Students come to online school for a multitude of reasons, and often after trying several different types of schooling. Academic needs, personal reasons, career aspirations, health, and family needs can all play a role in a student’s choice to try online school or homeschooling.

Sometimes, a student’s parents will decide that a change is needed, and will research alternatives. Other times, it’s the student who requests a change and researches alternatives to traditional school. In fact, one common question that we often hear from students is: “How can I convince my parents to let me do online school (or homeschool)?”

For Kelsey Willcox and her family, the decision to homeschool, and later, to enroll in K12’s online school, was largely made by Kelsey. She attended a public “brick-and-mortar” school in elementary grades. Then, in 6th grade, Kelsey requested that her mother, Pam, homeschool her instead.

This worked well for her through middle school, but as the time for high school approached, Kelsey was ready for another change. A motivated and gifted student, Kelsey also enjoys a number of different hobbies, including music, theater, and traveling. She realized that she wanted some of the benefits of traditional high school, especially grades, teachers, transcripts, and the opportunity to take AP classes. However, she still wanted to maintain the flexible schedule and opportunities to explore her other interests and passions that she had enjoyed as a homeschooler.

Kelsey said that when she discovered K12, “it seemed like a very happy medium for me; to be able to have the flexibility in my schedule that I wanted, a personalized, tailored curriculum, and still be able to prepare myself adequately for college.”

“I was very involved in the decision to start online schooling because I have always been very proactive in my education,” Kelsey says. “I honestly kind of directed it more than my parents did. They just wanted me to do what I felt would be right for my education. So I definitely was very actively involved as we were looking into online school as an option.”

How can other students be involved and proactive in their education, like Kelsey? Let’s Homeschool High School interviewed three current and former homeschoolers who offered some thoughts and advice to other kids who want to try schooling at home. We’ve compiled the basics into the following list.

5 Tips to Convince Your Parents to Homeschool

1. Make a list. Why do you want to homeschool or enroll in online school? What are your needs? Do you need to catch up in school? Are you a student who wants to be challenged with advanced classes? Do you need a flexible schedule to work or pursue other interests? Do you want to get out of a negative school environment? Make a list of your reasons and what you hope to get out of online school or homeschooling.

2. Be realistic. Online school and homeschooling require students to take on greater responsibility and accountability for their own education.
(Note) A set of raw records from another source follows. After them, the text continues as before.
Lemma chi_good_expansion (T : forall n, struct L0 'I_n -> Prop)
  (F : sfamily (langE L0)) :
  is_theory T -> open_interp T phi ->
  (forall n (M : struct (langE L0) 'I_n), modelT' T phi M <-> Forb F M) ->
  forall l, chi_good (forb_theory F) (Eformula (None : sym (langE L0))) l <->
    chi_good T phi l.
Proof.
move=> T_theory phi_interp hmod l; split=> hg n.
  have [M [FM [h [hinj ht]]]] := hg n.
  have [_ [_ [TN hE]]] := (hmod n M).2 FM.
  exists (reduct M); split => //; exists h; split => // i j /ht.
  by rewrite /interp_edge -/(edge _ _ _ _) edge_Eholds hE.
have [N [TN [h [hinj ht]]]] := hg n.
exists (expand N); split; first by apply/hmod; apply: expand_model.
exists h; split => // i j /ht; rewrite /interp_edge -/(edge _ _ _ _) edge_Eholds.
by rewrite Eholds_expand /interp_edge => /andP[-> ->].
Qed.
End Expansion.

Theorem theorem3p2 :
  (* Main statement: T' = (T_Graph U T) + (E <-> I(E)) = Forb(F). *)
  (forall (L0 : lang) (T : forall n, struct L0 'I_n -> Prop) (phi : qf2 L0)
          (F : sfamily (langE L0)),
      is_theory T ->
      open_interp T phi ->
      canonical_family F ->
      (forall n (M : struct (langE L0) 'I_n), modelT' T phi M <-> Forb F M) ->
      chi_formula (None : sym (langE L0)) F T phi)
  /\
  (* Furthermore: T over L containing a binary E, models of T are graphs in E,
     I(E)(x,y) = E(x,y), and T = Forb(F). *)
  (forall (L : lang) (E : sym L) (T : forall n, struct L 'I_n -> Prop)
          (F : sfamily L),
      arity E = 2 ->
      is_theory T ->
      (forall n (N : struct L 'I_n), T n N -> forall a b : 'I_n,
          eval_qf N (env2 a b) (Eformula E) = eval_qf N (env2 b a) (Eformula E)) ->
      canonical_family F ->
      (forall n (M : struct L 'I_n), T n M <-> Forb F M) ->
      chi_formula E F T (Eformula E)).
Proof.
split.
  move=> L0 T phi F hT hphi _ hmod.
  apply: chi_formula_transfer (chi_good_expansion hT hphi hmod) _.
  have E_binary : arity (None : sym (langE L0)) = 2 by [].
  apply: (chi_formula_forb E_binary) => n M /hmod [_ [hsym _]] a b.
  by rewrite !edge_Eholds hsym.
move=> L E T F hE _ hsym _ hTF.
apply: chi_formula_transfer (chi_formula_forb hE _) => [l|n M /hTF]; last exact: hsym.
by split=> hg n; have [M [hM ht]] := hg n; exists M; split => //; apply/hTF.
Qed.
Lemma exists_small_ball_ratio D (e : R) : (0 < D)%N -> (0 < e)%R ->
  (fun l : nat => (ln (ball_card adj R x l) / l%:R)%R) @ \oo --> (0%R : R) ->
  exists2 m, (0 < m)%N & (ln (ball_size x (m * D)).+1%:R / m%:R <= e)%R.
Proof.
move=> D_gt0 e_gt0 ratio0.
have e2_gt0 : (0 < e / (2 * D%:R))%R by rewrite divr_gt0 // mulr_gt0 // ltr0n.
move/cvgrPdist_le: ratio0 => /(_ _ e2_gt0) [N _ ratio_small].
set m := maxn (maxn N 1) (Num.truncn (2 * ln 2 / e)).+1.
have m_gt0 : (0 < m)%N by rewrite /m; lia.
exists m => //.
have : (N <= m * D)%N by apply: leq_trans (leq_pmulr _ D_gt0); rewrite /m; lia.
move/ratio_small; rewrite /= sub0r normrN /ball_card -/(ball_size x (m * D)).
set B := ball_size x (m * D).
have B_gt0 : (0 < B)%N by apply: ball_size_gt0.
have lnB_ge0 : (0 <= ln (B%:R : R))%R by apply: ln_ge0; rewrite ler1n.
move=> /(le_trans (ler_norm _)) ratio_mD.
have lnB_le : (ln B%:R <= e * m%:R / 2)%R.
  move: ratio_mD; rewrite ler_pdivrMr ?ltr0n ?muln_gt0 ?m_gt0 ?D_gt0 // natrM.
  move/le_trans; apply; rewrite le_eqVlt; apply/orP; left; apply/eqP; field.
  by rewrite pnatr_eq0 -lt0n.
have ln2_le : (2 * ln 2 <= e * m%:R)%R.
  rewrite [X in (_ <= X)%R]mulrC -ler_pdivrMr //.
  by apply/ltW/(lt_le_trans (truncnS_gt _)); rewrite ler_nat leq_max leqnn orbT.
have lnBS_le : (ln B.+1%:R <= ln 2 + ln (B%:R : R))%R.
  rewrite -lnM ?posrE ?ltr0n // ler_ln ?posrE ?ltr0n ?mulr_gt0 ?ltr0n //.
  by rewrite -natrM ler_nat mul2n -addnn -addn1 leq_add2l.
rewrite ler_pdivrMr ?ltr0n //; lra.
Qed.

Lemma coarse_entropy_eq0 :
  (fun l : nat => (ln (ball_card adj R x l) / l%:R)%R) @ \oo --> (0%R : R) ->
  coarse_entropy adj R x = 0.
Proof.
move=> ratio0; rewrite coarse_entropyE; apply/eqP; rewrite eq_le; apply/andP; split.
- apply: ge_ereal_sup => _ [delta _ <-]; apply/lee_addgt0Pr => e e_gt0; rewrite add0e.
  set D := (Num.truncn `|delta|).+1.
  have deltaD : (delta <= D%:R)%R.
    exact: le_trans (ler_norm delta) (ltW (truncnS_gt _)).
  have D_gt0 : (0 < D)%N by [].
  have [m m_gt0 small] := exists_small_ball_ratio D_gt0 e_gt0 ratio0.
  apply: ge_ereal_inf; exists (entropy_at delta ((m.-1 * D).*2%:R)).
    by exists (m.-1 * D).*2%:R.
  by apply: le_trans (entropy_at_le m_gt0 deltaD) _; rewrite lee_fin.
- apply: le_trans (ereal_sup_ubound _); last by exists 1%R.
  by apply: le_ereal_inf_tmp => _ [Rs _ <-]; apply: entropy_at_ge0.
Qed.

Lemma entropy_at_ge_net D T r (Rs : R) (A : seq V) :
  (0 < T)%N -> (Rs <= r%:R)%R -> uniq A -> (0 < size A)%N ->
  (forall a, a \in A -> (gdist x a <= T * D)%N) ->
  (forall a b, a \in A -> b \in A -> a != b -> (r < gdist a b)%N) ->
  (ln (size A)%:R / T%:R)%:E <= entropy_at D%:R Rs.
Proof.
move=> T_gt0 Rsr uA A_gt0 A_near A_sep; apply: limn_esup_ge => n.
exists (n.+1 * T)%N; first by apply: leq_trans (leqnSn n) _; rewrite leq_pmulr.
have [S [Sf Sd Ss card_S]] :=
  separated_card_ge n.+1 T_gt0 A_near (lexx _) Rsr uA A_sep.
have le_s : ((size A ^ n.+1)%:R)%:E <= s_count adj (n.+1 * T) Rs D%:R x.
  by apply: ereal_sup_ubound; exists S; rewrite ?card_S.
apply: le_trans _ (lee_wpmul2l _ (le_elog le_s)); last by rewrite lee_fin invr_ge0.
rewrite /= ltr0n expn_gt0 A_gt0 /= -EFinM lee_fin natrX lnXn ?ltr0n //.
suff -> : ((n.+1 * T)%:R^-1 * (ln (size A)%:R *+ n.+1) = ln (size A)%:R / T%:R :> R)%R.
  by [].
by rewrite natrM -mulr_natr; field; rewrite pnatr_eq0 -lt0n T_gt0 addrC natr1 pnatr_eq0.
Qed.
It will be up to you to stay motivated and on top of your work, without a teacher in a classroom looking over your shoulder. Be realistic about whether you can do that.

3. Do your research. Look into the options available in your area. There are many different schooling options out there, including different homeschool curriculums, independent study options, and public and private online schools. Each of these offer different benefits (and drawbacks) to students, depending on their needs. Some may require a greater time commitment and increased structure, while others are more flexible. Some, like online public schools, are free, while other options can have higher costs associated with them. Learn what’s available in your area and the requirements for each.

4. Talk to your parents. Discuss your concerns and wishes with your parents. Explain why you think online school or homeschooling is the right choice for you. Share your research with them and which option you think would be best for you.

5. Understand and address your parents’ concerns. If your parents aren’t convinced that homeschooling is the right choice, listen to their concerns and calmly discuss with them. Are they concerned that they don’t have the time or experience to teach you? Perhaps an online school where assigned teachers are there for support would be a better fit than traditional homeschooling. Are they concerned that you won’t be prepared for college? Do some research into college acceptance for homeschooling and online schooling students. Many, many students go on to great schools, and even say that they feel better prepared for college than if they had attended a regular school!

Ultimately, you will still need your parents on your side in order to enroll in online school or homeschool. However, if you take the initiative to research your options, are able to present solid reasons for wanting a change, and show that you are ready to take on an active and involved role in your education, you may very well have a better chance of convincing them to give it a try.